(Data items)
Lemma dickson n (f : nat -> 'X_{1..n}) : exists a b, a < b /\ (f a <= f b)%MM.
Proof.
have [phi Hphi] := coordwise_subseq f (enum 'I_n).
have [h1 h2] := Hphi 0 1 isT.
by exists (phi 0), (phi 1); split=> //; apply/mnm_lepP => j; rewrite h2 ?mem_enum.
Qed.

(* A relation without infinite descending chains is well founded
   (by dependent choice along non-accessible elements). *)
Lemma wf_no_descending_chain (T : Type) (R : T -> T -> Prop) :
  (forall f : nat -> T, ~ (forall k, R (f k.+1) (f k))) -> well_founded R.
Proof.
move=> nochain x; apply: NNPP => hx.
have step (y : {y | ~ Acc R y}) : {z | ~ Acc R z /\ R z (sval y)}.
  apply: constructive_indefinite_description; case: y => y hy /=.
  apply: NNPP => hn; apply: hy; constructor => z hz.
  by apply: NNPP => hz'; apply: hn; exists z.
pose next y := exist (fun z => ~ Acc R z) _ (proj1 (svalP (step y))).
pose chain := fix chain k := if k is k'.+1 then next (chain k') else exist _ x hx.
apply: (nochain (fun k => sval (chain k))) => k.
exact: (proj2 (svalP (step (chain k)))).
Qed.

Section MonomialOrder.
Variables (n : nat) (mo : rel 'X_{1..n}).
Hypothesis Hmo : monomial_order mo.

Lemma mo_refl m : mo m m.
Proof. by case: Hmo => [[h _ _ _] _]. Qed.

Lemma mo_anti m1 m2 : mo m1 m2 -> mo m2 m1 -> m1 = m2.
Proof. by case: Hmo => [[_ h _ _] _] h1 h2; apply: h; rewrite h1 h2. Qed.

Lemma mo_trans m1 m2 m3 : mo m1 m2 -> mo m2 m3 -> mo m1 m3.
Proof. by case: Hmo => [[_ _ h _] _] h1 h2; apply: h h2. Qed.

Lemma mo_total m1 m2 : mo m1 m2 || mo m2 m1.
Proof. by case: Hmo => [[_ _ _ h] _]. Qed.

Lemma mo_addr m1 m2 m : mo m1 m2 -> mo (m1 + m)%MM (m2 + m)%MM.
Proof. by case: Hmo => [_ [h _]]; apply: h. Qed.

Lemma mo_0 m : mo 0%MM m.
Proof. by case: Hmo => [_ [_ h]]. Qed.

(* A monomial order refines divisibility, since 1 is its least element. *)
Lemma mo_of_divides m1 m2 : (m1 <= m2)%MM -> mo m1 m2.
Proof. by move=> hdiv; have := mo_addr m1 (mo_0 (m2 - m1)%MM); rewrite add0m submK. Qed.

Definition mlt (x y : 'X_{1..n}) : bool := mo x y && (x != y).

Lemma mlt_trans x y z : mlt x y -> mlt y z -> mlt x z.
Proof.
move=> /andP [hxy nxy] /andP [hyz _]; rewrite /mlt (mo_trans hxy hyz) /=.
by apply: contraNneq nxy => exz; apply/eqP/mo_anti; rewrite // exz.
Qed.

(* Monomial orders are well orders: a descending chain would contradict
   Dickson's lemma. *)
Lemma mlt_wf : well_founded mlt.
Proof.
apply: wf_no_descending_chain => f fdesc.
have fchain : forall a b, a < b -> mlt (f b) (f a).
  apply: (chain_trans (R := fun x y => mlt y x)) => // x y z h1 h2.
  exact: mlt_trans h2 h1.
have [a [b [hab hdiv]]] := dickson f.
have /andP [hba /eqP] := fchain _ _ hab; apply.
exact: mo_anti (mo_of_divides hdiv).
Qed.

End MonomialOrder.

Local Open Scope ring_scope.

Section LeadingMonomial.
Variables (n : nat) (K : fieldType) (mo : rel 'X_{1..n}).
Hypothesis Hmo : monomial_order mo.
Local Notation S := {mpoly K[n]}.

Lemma foldr_max (s : seq 'X_{1..n}) :
  let r := foldr (fun m acc => if mo acc m then m else acc) 0%MM s in
  (forall x, x \in s -> mo x r) /\ (s != [::] -> r \in s).
Proof.
elim: s => [|y s [IH1 IH2]] //=; set r := foldr _ _ s.
case: ifP => hry; split.
- move=> x; rewrite inE => /orP [/eqP ->|hx]; first exact: mo_refl.
  exact: mo_trans (IH1 _ hx) hry.
- by rewrite inE eqxx.
- move=> x; rewrite inE => /orP [/eqP ->|hx]; last exact: IH1.
  by have := mo_total Hmo r y; rewrite hry.
- move=> _; case: s IH1 IH2 @r hry => [|z s] IH1 IH2 r hry.
    by rewrite /r /= mo_0 in hry.
  by rewrite inE IH2 ?orbT.
Qed.

Lemma nonzero_of_mcoeff (p : S) m : p@_m != 0 -> p != 0.
Proof. by apply: contraNneq => ->; rewrite mcoeff0. Qed.

Lemma lm_max (f : S) m : f@_m != 0 -> mo m (lm mo f).
Proof. by rewrite -mcoeff_msupp => h; apply: (proj1 (foldr_max _)). Qed.

Lemma lc_neq0 (f : S) : f != 0 -> lc mo f != 0.
Proof.
move=> hf; rewrite /lc -mcoeff_msupp; apply: (proj2 (foldr_max _)).
apply: contraNneq hf => hsupp; apply/eqP/mpolyP => m.
by rewrite mcoeff0; apply/memN_msupp_eq0; rewrite hsupp.
Qed.

Lemma lm_unique (f : S) m :
  f@_m != 0 -> (forall m', f@_m' != 0 -> mo m' m) -> lm mo f = m.
Proof.
move=> hm hbound; have hf := nonzero_of_mcoeff hm.
exact: mo_anti (hbound _ (lc_neq0 hf)) (lm_max hm).
Qed.

End LeadingMonomial.

Section Ideals.
Variables (n : nat) (K : fieldType).
Local Notation S := {mpoly K[n]}.
(* Let $S$ and $T$ be valid configurations and $M:S\to T$ a bijection. Let $A=(A^S,A^T)$ and $B=(B^S,B^T)$ be two distinct pairs of $M$. Define $$\mathcal V^{(1)}_{AB}=\{\vec v\in\mathbb R^2 : D(A^S)\cap H_{\vec v}(B)\neq\emptyset\},\qquad \mathcal V^{(2)}_{AB}=\{\vec v\in\mathbb R^2 : D(B^T+\vec v)\cap H_{\vec v}(A)\neq\emptyset\}.$$ Then $$\mathcal V^{(1)}_{AB}=\bigl(W(A^S,B^S)\oplus D_2(o)\bigr)-B^T,\qquad \mathcal V^{(2)}_{AB}=\bigl(-W(B^T,A^T)\bigr)\oplus D_2(o)+A^S,$$ where $\oplus$ denotes Minkowski sum, $-X=\{-x:x\in X\}$, and $X+p=\{x+p:x\in X\}$.
   Context: For $p\in\mathbb R^2$, $D(p)$ is the open unit disc centered at $p$ and $D_2(p)$ is the open disc of radius $2$ centered at $p$; $o$ is the origin. A configuration is a finite set of points in $\mathbb R^2$; it is valid if any two distinct points of it are at distance at least $2$. A pair of the bijection $M$ is $A=(A^S,A^T)$ with $A^S\in S$, $A^T=M(A^S)$. For a translation $\vec v\in\mathbb R^2$, the hippodrome $H_{\vec v}(A)$ is the convex hull of $D(A^S)\cup D(A^T+\vec v)$ (the region swept by a unit disc translated along the segment from $A^S$ to $A^T+\vec v$). For two points $a,b$ with $|a-b|\ge 2$, the wedge $W(a,b)$ is the closed wedge with apex $a$ whose bounding rays are parallel to, and directed like, the two common inner tangents of $D(b)$ and $D(a)$ directed from $b$ towards $a$; explicitly, $W(a,b)=\{a\}\cup\{a+w: w\neq 0,\ \angle(w,a-b)\le \arcsin(2/|a-b|)\}$, where $\angle(w,u)\in[0,\pi]$ is the angle between vectors $w$ and $u$. *)

From Stdlib Require Import Reals Lra List.
Open Scope R_scope.

Definition point : Type := (R * R)%type.

Definition padd (p q : point) : point := (fst p + fst q, snd p + snd q).
Definition psub (p q : point) : point := (fst p - fst q, snd p - snd q).
Definition popp (p : point) : point := (- fst p, - snd p).
Definition pscale (t : R) (p : point) : point := (t * fst p, t * snd p).
Definition dot (p q : point) : R := fst p * fst q + snd p * snd q.
Definition norm (p : point) : R := sqrt (dot p p).
Definition dist (p q : point) : R := norm (psub p q).
Definition origin : point := (0, 0).

Definition D (p : point) : point -> Prop := fun x => dist x p < 1.
Definition D2 (p : point) : point -> Prop := fun x => dist x p < 2.

Definition valid (S : list point) : Prop :=
  NoDup S /\
  forall p q, In p S -> In q S -> p <> q -> 2 <= dist p q.

(* M : S -> T is a bijection (M given as a function on the plane,
   only its values on S matter). *)
Definition bijection_on (S T : list point) (M : point -> point) : Prop :=
  (forall p, In p S -> In (M p) T) /\
  (forall p q, In p S -> In q S -> M p = M q -> p = q) /\
  (forall t, In t T -> exists p, In p S /\ M p = t).

Definition convex (C : point -> Prop) : Prop :=
  forall x y t, C x -> C y -> 0 <= t <= 1 ->
    C (padd (pscale (1 - t) x) (pscale t y)).
Lemma simulation_win a : forall b, R a b ->
  (lwin b = true -> lwin a = true) /\ (rwin a = true -> rwin b = true).
Proof.
  induction a as [l r IHl IHr] using game_ind_In. intros b Hab. split.
  - intros Hb. apply lwin_iff in Hb as [Hb | (b' & Hb' & Hr)]; [eauto|].
    destruct (R_lefts _ _ Hab _ Hb') as [(a' & Ha' & Hab') | Hrev].
    + apply lwin_iff. right. exists a'. split; [exact Ha'|].
      apply not_true_iff_false. intros Ha'r.
      rewrite (proj2 (IHl a' Ha' b' Hab') Ha'r) in Hr. discriminate.
    + exact (rwin_false_inv _ _ Hr Hrev).
  - intros Ha. apply rwin_iff in Ha as [Ha | (a' & Ha' & Hl)]; [eauto|].
    destruct (R_rights _ _ Hab _ Ha') as [(b' & Hb' & Hab') | Hrev].
    + apply rwin_iff. right. exists b'. split; [exact Hb'|].
      apply not_true_iff_false. intros Hb'l.
      rewrite (proj1 (IHr a' Ha' b' Hab') Hb'l) in Hl. discriminate.
    + exact (lwin_false_inv _ _ Hl Hrev).
Qed.

Lemma simulation_outcome_ge a b : R a b -> outcome_ge (o a) (o b) = true.
Proof. intros Hab. apply outcome_ge_intro; apply (simulation_win a b Hab). Qed.

End Simulation.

=== EXERCISE OBJECTIVE ===
When you reach the line containing "Lemma simulation_win a : forall b, R a b ->" in the data above, start copying exactly, and stop after the line containing "apply not_true_iff_false. intros Ha'r.".

=== TASK SOLUTION ===
Lemma simulation_win a : forall b, R a b ->
  (lwin b = true -> lwin a = true) /\ (rwin a = true -> rwin b = true).
Proof.
  induction a as [l r IHl IHr] using game_ind_In. intros b Hab. split.
  - intros Hb. apply lwin_iff in Hb as [Hb | (b' & Hb' & Hr)]; [eauto|].
    destruct (R_lefts _ _ Hab _ Hb') as [(a' & Ha' & Hab') | Hrev].
    + apply lwin_iff. right. exists a'. split; [exact Ha'|].
      apply not_true_iff_false. intros Ha'r.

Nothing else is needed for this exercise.